--- Given data Enclosed Below ---
(* There exists an absolute constant $c>0$ such that the following holds. Let $G$ be an abelian group, let $A\subseteq G$ be a finite nonempty set, and let $\kappa=|A+A|/|A|$. Then for each integer $s\ge 1$ there exists a subset $A_{(s)}\subseteq A$ with $|A_{(s)}|\le s$ such that \[ |A+A_{(s)}|\ge c\min(\kappa^{1/3},s)\,|A|. \]
   Context: For subsets $X,Y$ of an abelian group, $X+Y=\{x+y:x\in X,y\in Y\}$. *)

From HB Require Import structures.
From mathcomp Require Import all_boot all_algebra finmap.
From Stdlib Require Import Reals.
Set Implicit Arguments. Unset Strict Implicit. Unset Printing Implicit Defensive.
Local Open Scope fset_scope.

Definition sumset (G : zmodType) (X Y : {fset G}) : {fset G} :=
  [fset GRing.add x y | x in X, y in Y].

Definition doubling (G : zmodType) (A : {fset G}) : R :=
  (INR #|` sumset A A| / INR #|` A|)%R.

(* Build the set of translates greedily: as long as some a in A has at most
   2|A|/3 partners b in A with a + b in A + S, adding a to S enlarges A + S
   by at least |A|/3. If the process stops before s steps, every a in A has
   more than 2|A|/3 partners in X = A + S, and then each x = r1 + r2 in A + A
   has about 2|A|^2/9 representations x = y1 - y2 + y3 with y1, y2, y3 in X.
   Hence |A + A| |A|^2 = O(|X|^3), i.e. |X| >> kappa^(1/3) |A|. *)

From HB Require Import structures.
From mathcomp Require Import all_boot all_algebra finmap zify.
Set Implicit Arguments. Unset Strict Implicit. Unset Printing Implicit Defensive.
Import GRing.Theory.
Local Open Scope fset_scope.

Lemma card_fset_pairs (T U : choiceType) (A : {fset T}) (B : T -> {fset U}) :
  #|` [fset (x, y) | x : T in A, y : U in B x]| = \sum_(x <- A) #|` B x|.
Proof.
rewrite card_fset_sum1 big_imfset2 /=; last by move=> [? ?] [? ?] _ _ [-> ->].
by apply: eq_bigr => x _; rewrite card_fset_sum1.
Qed.

Lemma card_fsetM (T U : choiceType) (A : {fset T}) (B : {fset U}) :
  #|` A `*` B| = #|` A| * #|` B|.
Proof.
rewrite card_fset_sum1 big_imfset2 /=; last by move=> [? ?] [? ?] _ _ [-> ->].
by rewrite [#|` A|]card_fset_sum1 big_distrl /=; apply: eq_bigr => x _;
   rewrite mul1n card_fset_sum1.
Qed.

Lemma leq_mul_sum (T : eqType) (s : seq T) (f : T -> nat) m k :
  (forall i, i \in s -> m <= k * f i) -> size s * m <= k * \sum_(i <- s) f i.
Proof.
move=> le_m; rewrite big_distrr -sum1_size big_distrl /= big_seq [X in _ <= X]big_seq.
by apply: leq_sum => i /le_m; rewrite mul1n.
Qed.

Section Sumsets.
Variable G : zmodType.
Implicit Types (A S X : {fset G}) (a b x : G).

Lemma sumsetP A S x :
  reflect (exists2 a, a \in A & exists2 b, b \in S & x = (a + b)%R)
          (x \in sumset A S).
Proof. exact: imfset2P. Qed.

Lemma sumset_neq0 A S : A != fset0 -> S != fset0 -> sumset A S != fset0.
Proof.
move=> /fset0Pn [a aA] /fset0Pn [b bS]; apply/fset0Pn; exists (a + b)%R.
by apply/sumsetP; exists a => //; exists b.
Qed.

Lemma sumsetSr A S S' : S `<=` S' -> sumset A S `<=` sumset A S'.
Proof.
move=> /fsubsetP sub; apply/fsubsetP => _ /sumsetP [a aA [b bS ->]].
by apply/sumsetP; exists a => //; exists b => //; apply: sub.
Qed.

Definition sumset_rep A x : G * G :=
  head (0, 0)%R [seq p <- A `*` A | (p.1 + p.2 == x)%R].

Lemma sumset_repP A x : x \in sumset A A ->
  [/\ (sumset_rep A x).1 \in A, (sumset_rep A x).2 \in A
    & ((sumset_rep A x).1 + (sumset_rep A x).2)%R = x].
Proof.
move=> /sumsetP [a aA [b bA ->]]; rewrite /sumset_rep.
case E : [seq p <- _ | _] => [|p s] /=.
  have : (a, b) \in [seq p <- A `*` A | (p.1 + p.2 == a + b)%R].
    by rewrite mem_filter /= eqxx in_fsetM aA bA.
  by rewrite E.
have : p \in [seq p <- A `*` A | (p.1 + p.2 == a + b)%R] by rewrite E mem_head.
by rewrite mem_filter in_fsetM => /andP [/eqP <- /andP [p1A p2A]].
Qed.

Definition partners X A a := [fset b in A | (a + b)%R \in X].

Lemma in_partners X A a b : (b \in partners X A a) = (b \in A) && ((a + b)%R \in X).
Proof. by rewrite !inE. Qed.

Lemma partners_sub X A a : partners X A a `<=` A.
Proof. by apply/fsubsetP => b; rewrite in_partners => /andP []. Qed.

Lemma card_sumsetU1 A S a : a \in A ->
  3 * #|` partners (sumset A S) A a| <= 2 * #|` A| ->
  3 * #|` sumset A S| + #|` A| <= 3 * #|` sumset A (a |` S)|.
Proof.
set X := sumset A S => aA few_partners.
set Y := [fset (b + a)%R | b in A `\` partners X A a].
have cardY : #|` Y| = #|` A| - #|` partners X A a|.
  rewrite card_in_imfset /=; first by rewrite cardfsDS // partners_sub.
  by move=> b c _ _; apply: addIr.
have XY0 : X `&` Y = fset0.
  apply/fsetP => z; rewrite in_fsetI inE; apply/negbTE/andP.
  case=> zX /imfsetP [b]; rewrite in_fsetD in_partners /= => /andP [].
  by rewrite addrC => + bA ez; rewrite bA -ez zX.
have XYsub : X `|` Y `<=` sumset A (a |` S).
  rewrite fsubUset sumsetSr ?fsubsetUr //=.
  apply/fsubsetP => _ /imfsetP [b + ->]; rewrite in_fsetD => /andP [_ bA].
  by apply/sumsetP; exists b => //; exists a => //; apply: fsetU11.
have := cardfsUI X Y; rewrite XY0 cardfs0 addn0 cardY.
have := fsubset_leq_card XYsub; have := fsubset_leq_card (partners_sub X A a).
lia.
Qed.

Lemma greedy_sumset A k : exists S, [/\ S `<=` A, #|` S| <= k &
  k * #|` A| <= 3 * #|` sumset A S| \/
  forall a, a \in A -> 2 * #|` A| < 3 * #|` partners (sumset A S) A a|].
Proof.
elim: k => [|k [S [SA Sk [grow|popular]]]].
- by exists fset0; split; rewrite ?fsub0set ?cardfs0 //; left.
- have [/allP popular|] := boolP (all (fun a => 2 * #|` A| <
                            3 * #|` partners (sumset A S) A a|) A).
    by exists S; split => //; [apply: leqW | right].
  case/allPn => a aA; rewrite -leqNgt => few_partners.
  exists (a |` S); split; first by rewrite fsubUset fsub1set aA.
    by rewrite cardfsU1; exact: leq_add (leq_b1 _) Sk.
  by left; rewrite mulSn addnC (leq_trans _ (card_sumsetU1 aA few_partners))
                   ?leq_add2r.
- by exists S; split => //; [apply: leqW | right].
Qed.

Section PopularPartners.
Variables X A : {fset G}.
Hypothesis popular : forall a, a \in A -> 2 * #|` A| < 3 * #|` partners X A a|.

Lemma card_partnersI_gt b c : b \in A -> c \in A ->
  #|` A| < 3 * #|` partners X A b `&` partners X A c|.
Proof.
move=> /popular pb /popular pc.
have := cardfsUI (partners X A b) (partners X A c).
have : #|` partners X A b `|` partners X A c| <= #|` A|.
  by apply: fsubset_leq_card; rewrite fsubUset !partners_sub.
lia.
Qed.

(* A pair (b, b') in bridges r1 r2 writes r1 + r2 = (r1 + b) - (b + b') + (b' + r2)
   with all three brackets in X. *)
Definition bridges (r1 r2 : G) : {fset G * G} :=
  [fset (b, b') | b : G in partners X A r1,
                  b' : G in partners X A r2 `&` partners X A b].

Lemma card_bridges_gt r1 r2 : r1 \in A -> r2 \in A ->
  2 * (#|` A| * #|` A|) < 9 * #|` bridges r1 r2|.
Proof.
move=> r1A r2A; have := popular r1A.
have : #|` partners X A r1| * #|` A|.+1 <= 3 * #|` bridges r1 r2|.
  rewrite card_fset_pairs; apply: leq_mul_sum => b.
  by rewrite in_partners => /andP [bA _]; apply: card_partnersI_gt.
rewrite -/(#|` partners X A r1|); nia.
Qed.

Definition bridge_triple (r p : G * G) : G * (G * G) :=
  ((r.1 + p.1)%R, ((p.1 + p.2)%R, (p.2 + r.2)%R)).

Definition alt_sum (t : G * (G * G)) : G := (t.1 - t.2.1 + t.2.2)%R.

Lemma alt_sum_bridge_triple r p : alt_sum (bridge_triple r p) = (r.1 + r.2)%R.
Proof. by rewrite /alt_sum /= opprD !addrA addrK addrNK. Qed.

Lemma bridge_triple_inj r : injective (bridge_triple r).
Proof. by move=> [b b'] [c c'] [/addrI -> _ /addIr ->]. Qed.

Lemma sumset_cube_bound :
  2 * (#|` A| * #|` A|) * #|` sumset A A| <= 9 * (#|` X| * (#|` X| * #|` X|)).
Proof.
pose rep := sumset_rep A.
pose D := [fset (x, p) | x : G in sumset A A, p : G * G in bridges (rep x).1 (rep x).2].
pose f (t : G * (G * G)) := bridge_triple (rep t.1) t.2.
have cardD : #|` sumset A A| * (2 * (#|` A| * #|` A|)) <= 9 * #|` D|.
  rewrite card_fset_pairs; apply: leq_mul_sum => x /sumset_repP [r1A r2A _].
  exact/ltnW/card_bridges_gt.
have f_inj : {in D &, injective f}.
  move=> [x p] [y q] /imfset2P [x' /sumset_repP [_ _ ex] [p' _ [? ?]]].
  move=> /imfset2P [y' /sumset_repP [_ _ ey] [q' _ [? ?]]]; subst x' p' y' q'.
  move=> e; have := congr1 alt_sum e; rewrite !alt_sum_bridge_triple ex ey.
  by move=> exy; move: e; rewrite /f /= exy => /bridge_triple_inj ->.
have fD : f @` D `<=` X `*` (X `*` X).
  apply/fsubsetP => _ /imfsetP [_ /imfset2P [x _ [[b b'] bb' ->]] ->].
  case/imfset2P: bb' => b1 + [b2 + [? ?]]; subst b1 b2.
  rewrite in_partners in_fsetI !in_partners.
  move=> /andP [_ Xb] /andP [/andP [_ Xb'] /andP [_ Xbb']].
  by rewrite !in_fsetM /f /= Xb Xbb' addrC Xb'.
rewrite mulnC (leq_trans cardD) // leq_mul2l /=.
move/card_in_imfsetP/eqP: f_inj => <-.
by rewrite -!card_fsetM fsubset_leq_card.
Qed.

End PopularPartners.
End Sumsets.

(* Imported only now: Reals rebinds the %R delimiter used above for ring_scope. *)
From Stdlib Require Import Reals Lra Psatz.

Lemma Rle_of_cube_le (x y : R) : (0 <= y)%R -> (x * x * x <= y * y * y)%R -> (x <= y)%R.
Proof.
move=> y0 cube_le; apply: Rnot_lt_le => yx.
have sq_lt : (y * y < x * x)%R by nra.
have : (y * y * y < x * x * x)%R by nra.
lra.
Qed.

Lemma doubling_cube_root_le (G : zmodType) (A : {fset G}) (m : nat) :
  A != fset0 ->
  2 * (#|` A| * #|` A|) * #|` sumset A A| <= 9 * (m * (m * m)) ->
  (1 / 3 * Rpower (doubling A) (1 / 3) * INR #|` A| <= INR m)%R.
Proof.
move=> A0 /leP /le_INR; rewrite !mult_INR /=.
have : (0 < INR #|` A|)%R by apply/lt_0_INR/ltP; rewrite cardfs_gt0.
have : (0 < INR #|` sumset A A|)%R.
  by apply/lt_0_INR/ltP; rewrite cardfs_gt0 sumset_neq0.
set n := INR #|` A|; set K := INR #|` sumset A A| => K0 n0 cube_le.
set t := Rpower _ _.
have t0 : (0 < t)%R by apply: exp_pos.
have t3 : (t ^ 3 = K / n)%R.
  rewrite -Rpower_pow // Rpower_mult.
  replace (1 / 3 * INR 3)%R with 1%R by (simpl; field).
  by rewrite Rpower_1 //; apply: Rdiv_lt_0_compat.
have lhs3 : ((1 / 3 * t * n) * (1 / 3 * t * n) * (1 / 3 * t * n) = K * (n * n) / 27)%R.
  have -> : K = (t ^ 3 * n)%R by rewrite t3; field; lra.
  by simpl; field.
apply: Rle_of_cube_le; first exact: pos_INR.
rewrite lhs3; nra.
Qed.

Theorem theorem1p1 :
  exists c : R, (0 < c)%R /\
    forall (G : zmodType) (A : {fset G}), A != fset0 ->
    forall s : nat, (1 <= s)%N ->
      exists As : {fset G}, As `<=` A /\ (#|` As| <= s)%N /\
        (c * Rmin (Rpower (doubling A) (1/3)) (INR s) * INR #|` A|
           <= INR #|` sumset A As|)%R.
Proof.
exists (1 / 3)%R; split; first lra.
move=> G A A0 s _; have [S [SA Ss alt]] := greedy_sumset A s.
exists S; do 2!split => //.
set t := Rpower _ _; set n := INR #|` A|.
have n0 : (0 <= n)%R by apply: pos_INR.
case: alt => [grow|popular].
- have := Rmult_le_compat_r n _ _ n0 (Rmin_r t (INR s)).
  move/leP/le_INR: grow; rewrite !mult_INR -/n /=; lra.
- have := Rmult_le_compat_r n _ _ n0 (Rmin_l t (INR s)).
  have := doubling_cube_root_le A0 (sumset_cube_bound popular).
  rewrite -/t -/n; lra.
Qed.
Definition smooth_on (R : realType) (n : nat) (u : R)
  (S : set 'rV[R]_n) (f : 'rV[R]_n -> R) : Prop :=
  forall x y, S x -> S y ->
    enorm (grad f x - grad f y) <= u * enorm (x - y).

Definition is_argmin (R : realType) (n : nat) (S : set 'rV[R]_n)
  (g : 'rV[R]_n -> R) (x : 'rV[R]_n) : Prop :=
  S x /\ forall y, S y -> g x <= g y.

From HB Require Import structures.
From mathcomp Require Import all_boot all_order all_algebra.
From mathcomp Require Import all_classical all_reals all_analysis.
From mathcomp Require Import ring lra.
Import Order.TTheory GRing.Theory Num.Theory.
Import numFieldNormedType.Exports.
Local Open Scope ring_scope.
Local Open Scope classical_set_scope.
Set Implicit Arguments. Unset Strict Implicit. Unset Printing Implicit Defensive.

(* Each round costs at most G |θ_t - m_t| by convexity, where m_t minimises f_t
   on S, so it suffices to bound the tracking errors r_t = |θ_t - m_t|.  One
   projected gradient step contracts the distance to m_t by the factor
   1 - η_t l, and the step sizes satisfy 1/C <= η_t l with
   C = 2 (T^β - 1) + u/l; hence r_(t+1) <= (1 - 1/C) r_t + |m_(t+1) - m_t|,
   which sums to Σ r_t <= C (r_1 + V).
   As f_t is only known on S, its gradient need not be co-coercive there.  The
   contraction rests instead on the directional estimate
   <G(x) - G(m), a> <= (1 - η l) |x - m| |a| for the gradient step
   G(y) = y - η ∇f(y) and a = θ_(t+1) - m, obtained by adding up a local
   two-point estimate (descent lemma plus strong convexity) along a segment of
   the triangle (m, x, θ_(t+1)), which lies in S. *)

Section Euclidean.
Variables (R : realType) (n : nat).
Implicit Types (x y z : 'rV[R]_n).

Lemma dotvC x y : dotv x y = dotv y x.
Proof. by apply: eq_bigr => i _; rewrite mulrC. Qed.

Lemma dotvDl x y z : dotv (x + y) z = dotv x z + dotv y z.
Proof. by rewrite /dotv -big_split; apply: eq_bigr => i _; rewrite mxE mulrDl. Qed.

Lemma dotvDr x y z : dotv z (x + y) = dotv z x + dotv z y.
Proof. by rewrite dotvC dotvDl !(dotvC z). Qed.

Lemma dotvZl (c : R) x y : dotv (c *: x) y = c * dotv x y.
Proof. by rewrite /dotv mulr_sumr; apply: eq_bigr => i _; rewrite mxE mulrA. Qed.

Lemma dotvZr (c : R) x y : dotv x (c *: y) = c * dotv x y.
Proof. by rewrite dotvC dotvZl dotvC. Qed.

Lemma dotvNl x y : dotv (- x) y = - dotv x y.
Proof. by rewrite -scaleN1r dotvZl mulN1r. Qed.

Lemma dotvNr x y : dotv x (- y) = - dotv x y.
Proof. by rewrite dotvC dotvNl dotvC. Qed.

Lemma dotvBl x y z : dotv (x - y) z = dotv x z - dotv y z.
Proof. by rewrite dotvDl dotvNl. Qed.

Lemma dotvBr x y z : dotv z (x - y) = dotv z x - dotv z y.
Proof. by rewrite dotvDr dotvNr. Qed.

Lemma dotv0l x : dotv 0 x = 0.
Proof. by rewrite /dotv big1 // => i _; rewrite mxE mul0r. Qed.

Lemma dotv0r x : dotv x 0 = 0.
Proof. by rewrite dotvC dotv0l. Qed.

Lemma dotvv_ge0 x : 0 <= dotv x x.
Proof. by rewrite sumr_ge0 // => i _; rewrite -expr2 sqr_ge0. Qed.

Lemma dotvv_eq0 x : dotv x x = 0 -> x = 0.
Proof.
move=> /eqP; rewrite psumr_eq0 => [/allP x0|i _]; last by rewrite -expr2 sqr_ge0.
apply/rowP => i; rewrite mxE.
by apply/eqP; rewrite -[_ == 0]orbb -mulf_eq0; apply: x0; rewrite mem_index_enum.
Qed.

Lemma enorm_ge0 x : 0 <= enorm x.
Proof. exact: sqrtr_ge0. Qed.

Lemma enorm_sqr x : enorm x ^+ 2 = dotv x x.
Proof. by rewrite sqr_sqrtr // dotvv_ge0. Qed.

Lemma enorm_eq0 x : enorm x = 0 -> x = 0.
Proof. by move=> x0; apply: dotvv_eq0; rewrite -enorm_sqr x0 expr0n. Qed.

Lemma enorm_gt0 x : x != 0 -> 0 < enorm x.
Proof. by move=> x0; rewrite lt_def enorm_ge0 andbT; apply: contra x0 => /eqP/enorm_eq0->. Qed.

Lemma enorm0 : enorm (0 : 'rV[R]_n) = 0.
Proof. by rewrite /enorm dotv0l sqrtr0. Qed.

Lemma enormN x : enorm (- x) = enorm x.
Proof. by rewrite /enorm dotvNl dotvNr opprK. Qed.

Lemma enorm_distC x y : enorm (x - y) = enorm (y - x).
Proof. by rewrite -enormN opprB. Qed.

Lemma enormZ (c : R) x : enorm (c *: x) = `|c| * enorm x.
Proof. by rewrite /enorm dotvZl dotvZr mulrA -expr2 sqrtrM ?sqr_ge0 // sqrtr_sqr. Qed.

Lemma cauchy_schwarz x y : dotv x y <= enorm x * enorm y.
Proof.
have [/enorm_eq0 ->|x0] := eqVneq (enorm x) 0; first by rewrite dotv0l enorm0 mul0r.
have [/enorm_eq0 ->|y0] := eqVneq (enorm y) 0; first by rewrite dotv0r enorm0 mulr0.
have nxy : 0 < enorm x * enorm y by rewrite mulr_gt0 // lt_def ?x0 ?y0 enorm_ge0.
have := dotvv_ge0 (enorm y *: x - enorm x *: y).
rewrite !(dotvBl, dotvBr, dotvZl, dotvZr) (dotvC y x) -!enorm_sqr => h.
have : 0 <= 2 * (enorm x * enorm y) * (enorm x * enorm y - dotv x y) by nra.
by rewrite pmulr_rge0 ?subr_ge0 // mulr_gt0.
Qed.

Lemma cauchy_schwarzN x y : - (enorm x * enorm y) <= dotv x y.
Proof. by rewrite lerNl -dotvNl -(enormN x) cauchy_schwarz. Qed.

Lemma ler_enormD x y : enorm (x + y) <= enorm x + enorm y.
Proof.
rewrite -(ler_pXn2r (n := 2)) ?nnegrE ?addr_ge0 ?enorm_ge0 //.
rewrite enorm_sqr sqrrD !dotvDl !dotvDr (dotvC y x) -!enorm_sqr.
by have := cauchy_schwarz x y; lra.
Qed.

End Euclidean.

Section SmallPerturbation.
Variable R : realType.

Lemma ler_of_le_add_eps (A B K : R) :
  (forall e, 0 < e -> e < 1 -> A <= B + e * K) -> A <= B.
Proof.
move=> hAB; apply/ler_addgt0Pr => eps eps0.
pose e := Num.min 2^-1 (eps / (`|K| + 1)).
have K1 : 0 < `|K| + 1 by rewrite ltr_wpDl.
have e0 : 0 < e by rewrite lt_min invr_gt0 ltr0n divr_gt0.
have e1 : e < 1 by rewrite gt_min invf_lt1 ?ltr0n ?ltr1n.
apply: (le_trans (hAB e e0 e1)); rewrite lerD2l.
have eK : e * `|K| <= eps / (`|K| + 1) * `|K| by rewrite ler_wpM2r ?ge_min ?lexx ?orbT.
have : eps / (`|K| + 1) * `|K| <= eps.
  by rewrite mulrAC ler_pdivrMr // ler_pM2l // lerDl.
have := ler_wpM2l (ltW e0) (ler_norm K); lra.
Qed.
--- End of Enclosed Given data ---
Only the lines above starting at the one containing "Lemma enorm_gt0 x : x != 0 -> 0 < enorm x." and ending at the one containing "Lemma enorm_distC x", both included, are to be returned, exactly as they read.

Lemma enorm_gt0 x : x != 0 -> 0 < enorm x.
Proof. by move=> x0; rewrite lt_def enorm_ge0 andbT; apply: contra x0 => /eqP/enorm_eq0->. Qed.

Lemma enorm0 : enorm (0 : 'rV[R]_n) = 0.
Proof. by rewrite /enorm dotv0l sqrtr0. Qed.

Lemma enormN x : enorm (- x) = enorm x.
Proof. by rewrite /enorm dotvNl dotvNr opprK. Qed.

Lemma enorm_distC x y : enorm (x - y) = enorm (y - x).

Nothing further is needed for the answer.